═══ Records supplied

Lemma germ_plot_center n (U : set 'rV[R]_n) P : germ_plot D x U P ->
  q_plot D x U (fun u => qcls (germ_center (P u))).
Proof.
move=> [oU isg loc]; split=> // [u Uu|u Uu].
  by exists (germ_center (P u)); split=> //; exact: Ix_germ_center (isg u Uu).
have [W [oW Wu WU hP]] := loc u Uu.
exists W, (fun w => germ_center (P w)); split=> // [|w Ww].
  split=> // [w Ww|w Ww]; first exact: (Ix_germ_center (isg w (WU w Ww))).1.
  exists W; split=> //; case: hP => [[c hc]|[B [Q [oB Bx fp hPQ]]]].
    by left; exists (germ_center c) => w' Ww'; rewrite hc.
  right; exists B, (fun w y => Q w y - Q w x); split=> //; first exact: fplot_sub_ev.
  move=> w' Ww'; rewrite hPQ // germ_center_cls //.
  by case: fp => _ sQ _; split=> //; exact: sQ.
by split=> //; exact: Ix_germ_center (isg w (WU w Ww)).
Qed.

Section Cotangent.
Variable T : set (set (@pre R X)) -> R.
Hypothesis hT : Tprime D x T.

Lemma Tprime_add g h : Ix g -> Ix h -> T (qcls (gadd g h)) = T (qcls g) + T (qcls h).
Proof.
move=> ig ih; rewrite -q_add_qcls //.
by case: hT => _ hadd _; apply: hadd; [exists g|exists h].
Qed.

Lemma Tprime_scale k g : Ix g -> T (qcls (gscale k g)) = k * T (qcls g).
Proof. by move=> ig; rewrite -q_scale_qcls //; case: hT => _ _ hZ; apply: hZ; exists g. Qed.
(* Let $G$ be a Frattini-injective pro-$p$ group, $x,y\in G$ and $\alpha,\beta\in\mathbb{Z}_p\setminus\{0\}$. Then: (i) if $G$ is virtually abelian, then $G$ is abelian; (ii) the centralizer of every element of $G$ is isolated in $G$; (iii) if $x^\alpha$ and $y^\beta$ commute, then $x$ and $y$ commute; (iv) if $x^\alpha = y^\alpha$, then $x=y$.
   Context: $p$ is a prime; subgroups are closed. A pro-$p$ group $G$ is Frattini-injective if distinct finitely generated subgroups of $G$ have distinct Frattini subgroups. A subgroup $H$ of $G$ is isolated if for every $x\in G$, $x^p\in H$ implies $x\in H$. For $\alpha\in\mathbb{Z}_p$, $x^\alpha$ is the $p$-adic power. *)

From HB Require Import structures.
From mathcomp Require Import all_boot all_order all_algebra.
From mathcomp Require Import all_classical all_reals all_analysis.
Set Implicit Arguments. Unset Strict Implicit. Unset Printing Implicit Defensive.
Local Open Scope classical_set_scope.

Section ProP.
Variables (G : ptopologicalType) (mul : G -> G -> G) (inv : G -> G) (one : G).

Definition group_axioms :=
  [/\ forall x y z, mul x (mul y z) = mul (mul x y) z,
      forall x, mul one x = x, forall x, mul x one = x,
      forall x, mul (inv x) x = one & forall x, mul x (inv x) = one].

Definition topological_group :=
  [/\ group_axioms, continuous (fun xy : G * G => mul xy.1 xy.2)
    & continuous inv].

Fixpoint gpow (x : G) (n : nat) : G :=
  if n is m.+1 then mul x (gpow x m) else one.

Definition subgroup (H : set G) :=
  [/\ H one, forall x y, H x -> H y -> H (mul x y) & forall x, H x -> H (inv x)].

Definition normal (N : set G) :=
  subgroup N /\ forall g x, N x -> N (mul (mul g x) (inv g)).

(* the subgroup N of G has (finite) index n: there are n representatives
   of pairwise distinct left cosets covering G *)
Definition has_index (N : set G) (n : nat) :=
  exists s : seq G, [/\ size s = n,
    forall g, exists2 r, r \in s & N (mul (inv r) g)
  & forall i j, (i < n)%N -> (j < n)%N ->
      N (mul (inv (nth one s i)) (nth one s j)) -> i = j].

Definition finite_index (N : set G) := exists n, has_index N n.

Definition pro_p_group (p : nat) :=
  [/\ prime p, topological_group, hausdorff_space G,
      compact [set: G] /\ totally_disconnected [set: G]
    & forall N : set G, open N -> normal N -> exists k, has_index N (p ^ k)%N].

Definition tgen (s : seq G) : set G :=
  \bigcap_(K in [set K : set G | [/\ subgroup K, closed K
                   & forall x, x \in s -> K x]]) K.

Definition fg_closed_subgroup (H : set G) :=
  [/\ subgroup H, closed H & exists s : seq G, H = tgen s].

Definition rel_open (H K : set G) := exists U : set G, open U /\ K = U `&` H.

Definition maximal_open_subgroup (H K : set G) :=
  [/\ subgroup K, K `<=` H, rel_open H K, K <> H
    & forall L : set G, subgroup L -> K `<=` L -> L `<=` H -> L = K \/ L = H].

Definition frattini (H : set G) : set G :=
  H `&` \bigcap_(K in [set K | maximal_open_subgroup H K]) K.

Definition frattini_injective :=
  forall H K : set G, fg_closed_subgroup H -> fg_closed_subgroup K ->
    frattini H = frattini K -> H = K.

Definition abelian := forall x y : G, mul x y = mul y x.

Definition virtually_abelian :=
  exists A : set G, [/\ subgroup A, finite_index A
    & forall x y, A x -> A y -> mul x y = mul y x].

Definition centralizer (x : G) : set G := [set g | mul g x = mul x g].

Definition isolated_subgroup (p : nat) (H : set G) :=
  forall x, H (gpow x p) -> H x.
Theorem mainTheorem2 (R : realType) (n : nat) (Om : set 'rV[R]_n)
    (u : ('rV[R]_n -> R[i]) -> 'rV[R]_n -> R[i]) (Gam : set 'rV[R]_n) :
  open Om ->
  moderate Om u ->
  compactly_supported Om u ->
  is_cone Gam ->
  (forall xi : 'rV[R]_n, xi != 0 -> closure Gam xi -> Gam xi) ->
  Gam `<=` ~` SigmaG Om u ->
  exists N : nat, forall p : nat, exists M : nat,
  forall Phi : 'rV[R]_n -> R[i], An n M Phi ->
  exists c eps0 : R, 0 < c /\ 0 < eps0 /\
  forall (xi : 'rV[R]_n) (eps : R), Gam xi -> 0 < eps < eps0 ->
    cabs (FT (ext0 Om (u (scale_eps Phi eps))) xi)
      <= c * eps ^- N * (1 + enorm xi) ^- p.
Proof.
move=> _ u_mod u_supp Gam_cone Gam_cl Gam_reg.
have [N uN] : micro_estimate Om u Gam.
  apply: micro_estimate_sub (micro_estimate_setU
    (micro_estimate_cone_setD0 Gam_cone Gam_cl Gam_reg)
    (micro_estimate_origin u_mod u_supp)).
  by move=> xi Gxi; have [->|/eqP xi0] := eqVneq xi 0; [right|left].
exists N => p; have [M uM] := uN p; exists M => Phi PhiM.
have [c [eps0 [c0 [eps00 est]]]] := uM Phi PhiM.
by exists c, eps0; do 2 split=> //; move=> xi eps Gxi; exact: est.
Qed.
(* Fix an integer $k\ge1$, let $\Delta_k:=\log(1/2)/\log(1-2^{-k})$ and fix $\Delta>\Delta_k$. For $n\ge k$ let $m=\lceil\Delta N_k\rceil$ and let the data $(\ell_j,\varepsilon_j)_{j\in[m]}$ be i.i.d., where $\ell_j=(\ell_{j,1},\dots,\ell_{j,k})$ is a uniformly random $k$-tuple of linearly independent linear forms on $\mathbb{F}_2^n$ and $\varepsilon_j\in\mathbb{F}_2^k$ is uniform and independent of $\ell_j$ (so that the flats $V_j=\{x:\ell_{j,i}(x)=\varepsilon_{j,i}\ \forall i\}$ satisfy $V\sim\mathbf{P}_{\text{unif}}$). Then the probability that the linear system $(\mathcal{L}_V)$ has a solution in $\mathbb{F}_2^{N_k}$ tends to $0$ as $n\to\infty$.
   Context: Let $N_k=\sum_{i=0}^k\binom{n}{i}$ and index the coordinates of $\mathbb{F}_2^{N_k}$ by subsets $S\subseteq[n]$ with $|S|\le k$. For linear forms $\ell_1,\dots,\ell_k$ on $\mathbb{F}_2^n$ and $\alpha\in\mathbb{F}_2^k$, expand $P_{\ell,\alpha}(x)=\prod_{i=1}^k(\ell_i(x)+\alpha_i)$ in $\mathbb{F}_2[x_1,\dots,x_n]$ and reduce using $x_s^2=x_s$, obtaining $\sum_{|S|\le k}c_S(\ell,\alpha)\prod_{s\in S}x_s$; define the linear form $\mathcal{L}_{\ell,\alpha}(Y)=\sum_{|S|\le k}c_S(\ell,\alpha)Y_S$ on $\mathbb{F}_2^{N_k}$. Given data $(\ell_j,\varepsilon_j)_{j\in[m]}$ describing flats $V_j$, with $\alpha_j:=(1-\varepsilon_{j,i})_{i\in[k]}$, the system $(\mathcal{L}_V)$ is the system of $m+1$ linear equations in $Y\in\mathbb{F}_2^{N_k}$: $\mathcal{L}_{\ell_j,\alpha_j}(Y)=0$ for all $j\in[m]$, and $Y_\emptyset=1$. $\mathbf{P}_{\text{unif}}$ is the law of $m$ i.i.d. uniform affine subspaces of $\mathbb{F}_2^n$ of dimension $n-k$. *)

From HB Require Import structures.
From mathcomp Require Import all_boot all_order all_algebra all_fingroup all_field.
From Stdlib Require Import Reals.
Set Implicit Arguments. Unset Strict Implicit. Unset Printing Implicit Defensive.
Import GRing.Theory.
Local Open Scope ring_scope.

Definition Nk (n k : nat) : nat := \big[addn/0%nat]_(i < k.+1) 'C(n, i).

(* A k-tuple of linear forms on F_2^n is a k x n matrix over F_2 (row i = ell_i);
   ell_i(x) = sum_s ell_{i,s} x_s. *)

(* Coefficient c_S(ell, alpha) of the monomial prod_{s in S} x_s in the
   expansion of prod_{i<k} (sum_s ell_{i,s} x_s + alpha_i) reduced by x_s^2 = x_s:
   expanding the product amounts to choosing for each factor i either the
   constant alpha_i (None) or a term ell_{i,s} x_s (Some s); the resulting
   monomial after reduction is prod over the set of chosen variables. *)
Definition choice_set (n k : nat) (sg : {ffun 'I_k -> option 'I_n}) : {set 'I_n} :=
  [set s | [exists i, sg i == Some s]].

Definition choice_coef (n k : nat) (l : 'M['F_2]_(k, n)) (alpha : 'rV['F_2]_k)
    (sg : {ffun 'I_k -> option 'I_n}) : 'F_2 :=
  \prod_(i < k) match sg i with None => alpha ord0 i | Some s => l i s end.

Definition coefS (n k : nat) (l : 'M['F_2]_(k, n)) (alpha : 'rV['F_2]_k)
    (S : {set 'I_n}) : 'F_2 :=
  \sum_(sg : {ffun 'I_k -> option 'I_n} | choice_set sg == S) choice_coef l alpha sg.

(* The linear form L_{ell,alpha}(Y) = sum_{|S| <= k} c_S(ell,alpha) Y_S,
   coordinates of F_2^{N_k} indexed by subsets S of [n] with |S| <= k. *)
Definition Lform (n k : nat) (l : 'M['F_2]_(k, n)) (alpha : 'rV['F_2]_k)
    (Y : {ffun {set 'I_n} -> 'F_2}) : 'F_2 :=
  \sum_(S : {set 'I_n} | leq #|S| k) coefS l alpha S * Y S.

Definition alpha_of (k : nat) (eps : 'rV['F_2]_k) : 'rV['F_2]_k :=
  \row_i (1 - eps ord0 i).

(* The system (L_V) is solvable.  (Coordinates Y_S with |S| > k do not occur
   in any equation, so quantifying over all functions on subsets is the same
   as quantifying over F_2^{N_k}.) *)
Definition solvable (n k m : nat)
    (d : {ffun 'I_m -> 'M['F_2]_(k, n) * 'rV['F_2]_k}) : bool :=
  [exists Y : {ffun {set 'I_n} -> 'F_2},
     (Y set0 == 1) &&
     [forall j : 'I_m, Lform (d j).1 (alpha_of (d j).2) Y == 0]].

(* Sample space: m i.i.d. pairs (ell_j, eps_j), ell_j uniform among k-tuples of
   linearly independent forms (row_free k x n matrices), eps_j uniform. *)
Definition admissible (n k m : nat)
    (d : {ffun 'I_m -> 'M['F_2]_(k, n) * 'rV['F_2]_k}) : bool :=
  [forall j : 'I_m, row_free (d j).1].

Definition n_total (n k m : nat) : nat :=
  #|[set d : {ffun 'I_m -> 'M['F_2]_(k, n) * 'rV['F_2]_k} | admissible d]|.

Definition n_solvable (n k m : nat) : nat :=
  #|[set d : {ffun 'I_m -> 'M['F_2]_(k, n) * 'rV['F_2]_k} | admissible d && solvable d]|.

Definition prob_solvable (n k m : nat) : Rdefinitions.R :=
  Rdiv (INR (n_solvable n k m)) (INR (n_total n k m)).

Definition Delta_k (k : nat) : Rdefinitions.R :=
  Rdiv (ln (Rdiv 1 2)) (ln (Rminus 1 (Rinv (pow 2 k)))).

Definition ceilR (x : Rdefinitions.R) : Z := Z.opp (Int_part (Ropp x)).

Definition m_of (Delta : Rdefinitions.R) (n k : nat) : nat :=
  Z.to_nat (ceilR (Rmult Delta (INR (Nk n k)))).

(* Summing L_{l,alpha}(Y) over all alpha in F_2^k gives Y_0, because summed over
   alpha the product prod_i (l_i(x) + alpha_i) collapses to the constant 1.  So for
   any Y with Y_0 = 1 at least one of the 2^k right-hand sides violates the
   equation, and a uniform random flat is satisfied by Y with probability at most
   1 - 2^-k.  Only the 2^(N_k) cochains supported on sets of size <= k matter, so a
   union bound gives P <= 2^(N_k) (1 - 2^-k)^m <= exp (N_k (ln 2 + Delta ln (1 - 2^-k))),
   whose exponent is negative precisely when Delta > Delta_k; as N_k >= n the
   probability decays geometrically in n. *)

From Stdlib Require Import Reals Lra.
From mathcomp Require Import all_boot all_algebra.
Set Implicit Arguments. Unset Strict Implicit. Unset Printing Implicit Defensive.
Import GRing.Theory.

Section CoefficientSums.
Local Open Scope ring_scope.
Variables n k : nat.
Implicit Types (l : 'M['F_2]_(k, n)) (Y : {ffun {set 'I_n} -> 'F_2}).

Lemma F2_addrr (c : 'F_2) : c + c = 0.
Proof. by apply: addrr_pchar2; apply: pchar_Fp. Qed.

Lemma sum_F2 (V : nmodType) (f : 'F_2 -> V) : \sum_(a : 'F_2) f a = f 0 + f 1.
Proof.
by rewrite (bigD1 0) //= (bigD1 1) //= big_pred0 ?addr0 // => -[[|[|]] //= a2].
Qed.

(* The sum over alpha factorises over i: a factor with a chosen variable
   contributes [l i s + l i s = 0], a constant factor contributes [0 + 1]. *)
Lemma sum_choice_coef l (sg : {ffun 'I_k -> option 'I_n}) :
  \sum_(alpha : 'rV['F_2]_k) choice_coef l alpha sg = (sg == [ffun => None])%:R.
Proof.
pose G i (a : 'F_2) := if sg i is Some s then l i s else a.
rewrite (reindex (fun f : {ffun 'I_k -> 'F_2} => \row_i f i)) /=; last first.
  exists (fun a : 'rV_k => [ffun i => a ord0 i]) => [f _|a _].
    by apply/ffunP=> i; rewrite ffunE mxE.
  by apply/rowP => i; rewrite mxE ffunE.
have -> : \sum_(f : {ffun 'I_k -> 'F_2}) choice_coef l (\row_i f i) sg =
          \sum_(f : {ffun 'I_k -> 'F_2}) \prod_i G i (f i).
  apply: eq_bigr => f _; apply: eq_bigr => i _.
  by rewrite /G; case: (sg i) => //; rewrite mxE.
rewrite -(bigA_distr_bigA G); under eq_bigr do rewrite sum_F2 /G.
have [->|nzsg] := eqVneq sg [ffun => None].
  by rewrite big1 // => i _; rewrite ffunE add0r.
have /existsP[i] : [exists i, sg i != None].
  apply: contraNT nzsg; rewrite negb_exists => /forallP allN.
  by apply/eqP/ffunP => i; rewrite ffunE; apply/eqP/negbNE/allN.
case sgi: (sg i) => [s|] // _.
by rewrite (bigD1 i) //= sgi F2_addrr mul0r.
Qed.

══════

- **Task prompt**
Begin at the first line of the material above. Transcribe each line exactly, ending with the line that contains "Hypothesis hT : Tprime D x T.".

- **Exercise output**
Lemma germ_plot_center n (U : set 'rV[R]_n) P : germ_plot D x U P ->
  q_plot D x U (fun u => qcls (germ_center (P u))).
Proof.
move=> [oU isg loc]; split=> // [u Uu|u Uu].
  by exists (germ_center (P u)); split=> //; exact: Ix_germ_center (isg u Uu).
have [W [oW Wu WU hP]] := loc u Uu.
exists W, (fun w => germ_center (P w)); split=> // [|w Ww].
  split=> // [w Ww|w Ww]; first exact: (Ix_germ_center (isg w (WU w Ww))).1.
  exists W; split=> //; case: hP => [[c hc]|[B [Q [oB Bx fp hPQ]]]].
    by left; exists (germ_center c) => w' Ww'; rewrite hc.
  right; exists B, (fun w y => Q w y - Q w x); split=> //; first exact: fplot_sub_ev.
  move=> w' Ww'; rewrite hPQ // germ_center_cls //.
  by case: fp => _ sQ _; split=> //; exact: sQ.
by split=> //; exact: Ix_germ_center (isg w (WU w Ww)).
Qed.

Section Cotangent.
Variable T : set (set (@pre R X)) -> R.
Hypothesis hT : Tprime D x T.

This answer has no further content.